The main job of the response handling thread mentioned as above is to fetch packets from pipe, do some preprocessing mostly needed for finer scheduling and put into local queue for later usage.
struct mq_handler contains file descriptors for the pipes and few fields for collecting statistic.

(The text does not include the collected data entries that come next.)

Definition pbar (q : 'I_I -> 'I_2 -> R) (sigma : {perm 'I_I})
    (Gamma0 : \bar R) (k : nat) (c : R) : R :=
  if k == 0%N then 1 else
  \sum_(w : {ffun 'I_I -> bool})
     Tbar_weight sigma Gamma0 k w * (if c <= Tbar_value q w then 1 else 0).

Definition pval (q : 'I_I -> 'I_2 -> R) (sigma : {perm 'I_I}) Gamma0 k (z : assignment) : R :=
  pbar q sigma Gamma0 k (Tstat q z).

Definition CS_gamma q sigma k (alpha : R) (z : assignment) : set (\bar R) :=
  [set g | (1 <= g)%E /\ alpha < pval q sigma g k z].

Definition Gamma_hat q sigma k (alpha : R) (z : assignment) : \bar R :=
  ereal_inf (CS_gamma q sigma k alpha z).

Definition CS_I q sigma (Gamma0 : \bar R) (alpha : R) (z : assignment) : pred nat :=
  fun n => [exists k : 'I_I.+1, (alpha < pval q sigma Gamma0 k z)%R && (n == I - k)%N].

Definition I_hat q sigma (Gamma0 : \bar R) (alpha : R) (z : assignment) : nat :=
  (I - \max_(k < I.+1 | (alpha < pval q sigma Gamma0 k z)%R) k)%N.

End Defs.

From Pilot Require Import Defs.
From HB Require Import structures.
From mathcomp Require Import all_boot all_order all_algebra.
From mathcomp Require Import fingroup perm.
From mathcomp Require Import boolp classical_sets reals constructive_ereal ereal.
From mathcomp Require Import lra zify.
Import Order.TTheory GRing.Theory Num.Theory.
Local Open Scope ring_scope.

Set Implicit Arguments. Unset Strict Implicit. Unset Printing Implicit Defensive.

(* Under Fisher's null the statistic [T] is a sum of independent two-point
   variables: pair [i] contributes [max q_i] with probability [p_i] (the chance
   that the unit with the larger [q] is treated) and [min q_i] otherwise; the
   reference statistic [Tbar(Gamma0; k)] is a sum of the same kind.  Such a sum
   becomes stochastically larger when a success probability is raised, and when
   a randomized coordinate is moved onto a pair with a smaller gap
   [max q - min q].  If at least [k] pairs have hidden bias at most [Gamma0],
   then [p_i <= Gamma0 / (1 + Gamma0)] on them, so [T] is stochastically
   dominated by [Tbar(Gamma0; k)] and the tail function of [Tbar] evaluated at
   [T] is a valid p-value.  The parameters [Gamma*_(k)] and [I*(Gamma0)] are
   exactly such that this domination holds.  The shape of the two confidence
   sets follows from [pbar] being nondecreasing in [Gamma0] and nonincreasing
   in [k]. *)

Section BernoulliChoiceSums.
Variables (R : realFieldType) (T : finType).
Implicit Types (pi : T -> R) (M m : T -> R) (w : {ffun T -> bool}) (u : R -> bool).

Definition bern_weight pi w : R := \prod_i (if w i then pi i else 1 - pi i).

Definition choice_sum M m w : R := \sum_i (if w i then M i else m i).

(* [bern_prob pi M m u] is the probability that [u] holds for the sum of
   independent variables taking value [M i] with probability [pi i] and [m i]
   otherwise. *)
Definition bern_prob pi M m u : R :=
  \sum_w bern_weight pi w * (u (choice_sum M m w))%:R.

Definition prob_vector pi := forall i, 0 <= pi i <= 1.

Definition upward_closed u := forall t t', u t -> t <= t' -> u t'.

Lemma bern_weight_ge0 pi w : prob_vector pi -> 0 <= bern_weight pi w.
Proof. by move=> pi01; apply: prodr_ge0 => i _; case: (w i); have := pi01 i; lra. Qed.

Lemma sum_bern_weight pi : \sum_w bern_weight pi w = 1.
Proof.
rewrite /bern_weight -(bigA_distr_bigA (fun i (b : bool) => if b then pi i else 1 - pi i)).
by rewrite big1 // => i _; rewrite big_bool /=; lra.
Qed.

Lemma bern_prob_sub pi M m u1 u2 : prob_vector pi -> (forall t, u1 t -> u2 t) ->
  bern_prob pi M m u1 <= bern_prob pi M m u2.
Proof.
move=> pi01 u12; apply: ler_sum => w _; apply: ler_wpM2l; first exact: bern_weight_ge0.
by case E1: (u1 _); [rewrite u12 | case: (u2 _)].
Qed.

Lemma bern_probC pi M m u : bern_prob pi M m (fun t => ~~ u t) = 1 - bern_prob pi M m u.
Proof.
apply/eqP; rewrite eq_sym subr_eq -(sum_bern_weight pi) /bern_prob -big_split /=.
by apply/eqP/eq_bigr => w _; case: (u _); rewrite /= ?mulr0 ?mulr1 ?addr0 ?add0r.
Qed.

Lemma bern_prob_le1 pi M m u : prob_vector pi -> bern_prob pi M m u <= 1.
Proof.
move=> pi01; rewrite -(sum_bern_weight pi); apply: ler_sum => w _.
by have := bern_weight_ge0 w pi01; case: (u _); rewrite /= ?mulr0 ?mulr1.
Qed.

Definition flip_at (i : T) w : {ffun T -> bool} :=
  [ffun l => if l == i then ~~ w l else w l].

Lemma flip_atK i : involutive (flip_at i).
Proof. by move=> w; apply/ffunP => l; rewrite !ffunE; case: eqP; rewrite ?negbK. Qed.

Definition bern_weight_off pi i w : R :=
  \prod_(l | l != i) (if w l then pi l else 1 - pi l).

Lemma bern_weightD1 pi i w :
  bern_weight pi w = (if w i then pi i else 1 - pi i) * bern_weight_off pi i w.
Proof. by rewrite /bern_weight (bigD1 i). Qed.

Lemma bern_weight_off_flip pi i w : bern_weight_off pi i (flip_at i w) = bern_weight_off pi i w.
Proof. by apply: eq_bigr => l /negbTE li; rewrite ffunE li. Qed.

Lemma eq_bern_weight_off pi pi' i w : (forall l, l != i -> pi l = pi' l) ->
  bern_weight_off pi i w = bern_weight_off pi' i w.
Proof. by move=> eq_pi; apply: eq_bigr => l li; rewrite eq_pi. Qed.

Lemma choice_sum_flip M m i w : (forall l, m l <= M l) -> w i ->
  choice_sum M m (flip_at i w) <= choice_sum M m w.
Proof.
move=> mM wi; rewrite /choice_sum (bigD1 i) //= [X in _ <= X](bigD1 i) //= ffunE eqxx wi.
rewrite (eq_bigr (fun l => if w l then M l else m l)) ?lerD2r //.
by move=> l /negbTE li; rewrite ffunE li.
Qed.

(* Pairing [w] with [flip_at i w] couples the two laws coordinatewise. *)
Lemma bern_prob_mono_at pi pi' M m u i :
  (forall l, l != i -> pi l = pi' l) -> pi i <= pi' i -> prob_vector pi ->
  (forall l, m l <= M l) -> upward_closed u -> bern_prob pi M m u <= bern_prob pi' M m u.
Proof.
move=> eq_pi le_pi pi01 mM u_up.
suff: bern_prob pi M m u *+ 2 <= bern_prob pi' M m u *+ 2 by rewrite ler_pMn2r.
have paired rho : bern_prob rho M m u *+ 2 =
  \sum_w (bern_weight rho w * (u (choice_sum M m w))%:R +
          bern_weight rho (flip_at i w) * (u (choice_sum M m (flip_at i w)))%:R).
  rewrite big_split mulr2n /=; congr (_ + _).
  by rewrite /bern_prob (reindex_inj (can_inj (flip_atK i))).
rewrite !paired; apply: ler_sum => w _.
rewrite !(bern_weightD1 _ i) !bern_weight_off_flip (eq_bern_weight_off w eq_pi) ffunE eqxx.
have r_ge0 : 0 <= bern_weight_off pi' i w.
  rewrite -(eq_bern_weight_off w eq_pi); apply: prodr_ge0 => l _.
  by case: (w l); have := pi01 l; lra.
set r := bern_weight_off pi' i w.
have gap_ge0 : 0 <= (pi' i - pi i) * r by apply: mulr_ge0; rewrite ?subr_ge0.
set s := choice_sum M m w; set sf := choice_sum M m (flip_at i w).
case wi: (w i) => /=.
- have le_sf_s : sf <= s by exact: choice_sum_flip.
  case us: (u s); case usf: (u sf); rewrite /= ?mulr1n ?mulr0n ?mulr1 ?mulr0; try nra.
  by move: (u_up _ _ usf le_sf_s); rewrite us.
- have le_s_sf : s <= sf.
    rewrite /s -[w in choice_sum M m w](flip_atK i w).
    by apply: choice_sum_flip; rewrite /flip_at ?ffunE ?eqxx ?wi.
  case us: (u s); case usf: (u sf); rewrite /= ?mulr1n ?mulr0n ?mulr1 ?mulr0; try nra.
  by move: (u_up _ _ us le_s_sf); rewrite usf.
Qed.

The definition as follows:
struct mq_handler {
    struct mq_list list;
    struct mq_lock lock;

    int pipein[2]; // 0-> read end for obtaining request, 1-> write end for issueing request
    int pipeout[2]; // 0-> read end for obtaining response, 1-> write end for issueing response
    int process; // handler PID

    unsigned long pushed, // amount of pushed requests
        popped; // amount of popped responses
    unsigned nacked; // not acked packets
};
mq_init appeared above is used to initialize message queue structure and launch management thread:
void
mq_init(struct mq *mq)
{
    mq_list_init(&mq->handlers);
    mq_list_init(&mq->rsp_list);

    mq_lock_init(&mq->lock);

    pthread_mutex_init(&mq->rsp_lock, NULL);

    mq->state = MQ_STATE_STARTING;

    pthread_create(&mq->rsp_manager, NULL, mq_poll_wrapper, mq);

    mq->state = MQ_STATE_RUNNING;
    mq_set_available(&mq->lock, 1);
}
This routine initializes miscellaneous stuff and announces that it's ready to go. mq_poll_wrapper triggers mq_poll that is used to fetch responses from the pipe and cleans 'old' responses that are likely will not be needed anymore because their timeout exhausted and to avoid memory leak memory they use should be freed:
void *
mq_poll_wrapper(void *data)
{
    struct mq *mq = (struct mq *)data;

    unsigned int last_cleaned = timems(), now;

    for (;;) {
        mq_lock_lock(&mq->lock);
        if (mq->state == MQ_STATE_STOPPING) {
            mq_lock_unlock(&mq->lock);

            return NULL;
        } else if (mq->state == MQ_STATE_STARTING) {
            mq_lock_unlock(&mq->lock);

            release_cpu();

            continue;
        }

        mq_lock_unlock(&mq->lock);

        mq_poll(mq);

        now = timems();
        if (now - last_cleaned > MQ_MAX_RESPONSE_LIFE_TIME_MS) {
            last_cleaned = now;

            mq_cleanup_response_queue(mq, now);
        }
    }

    return NULL;
}
mq_launch_handler is a helper routine that creates pipe endpoints for transmitting requests and responses and launch request handling process. Its definition as follows:
int
mq_launch_handler(struct mq *mq,
                  struct mq_handler *handler,
                  void (*f)(int endpoints[2]))
{
    int endpoints[2];

    if (pipe(handler->pipein) == -1) {
        perror("pipe");

        goto fail_pipein;
    }
    if (pipe(handler->pipeout) == -1) {
        perror("pipe");

        goto fail_pipeout;
    }

    endpoints[0] = handler->pipein[0];
    endpoints[1] = handler->pipeout[1];

    if ((handler->process = launch_process(f, endpoints)) == -1)
        goto fail_launch;

    mq_lock_init(&handler->lock);

    handler->nacked = handler->popped = handler->pushed = 0;

    mq_lock_lock(&mq->lock);
    mq_list_add_tail(&mq->handlers, &handler->list);
    mq_lock_unlock(&mq->lock);

    mq_set_available(&handler->lock, 1);

    return 0;

  fail_launch:
    close(handler->pipeout[0]);
    close(handler->pipeout[1]);
  fail_pipeout:
    close(handler->pipein[0]);
    close(handler->pipein[1]);
  fail_pipein:

    return -1;
}
Now everything is ready for sending requests and receiving responses. Further details will be discussed in the following part.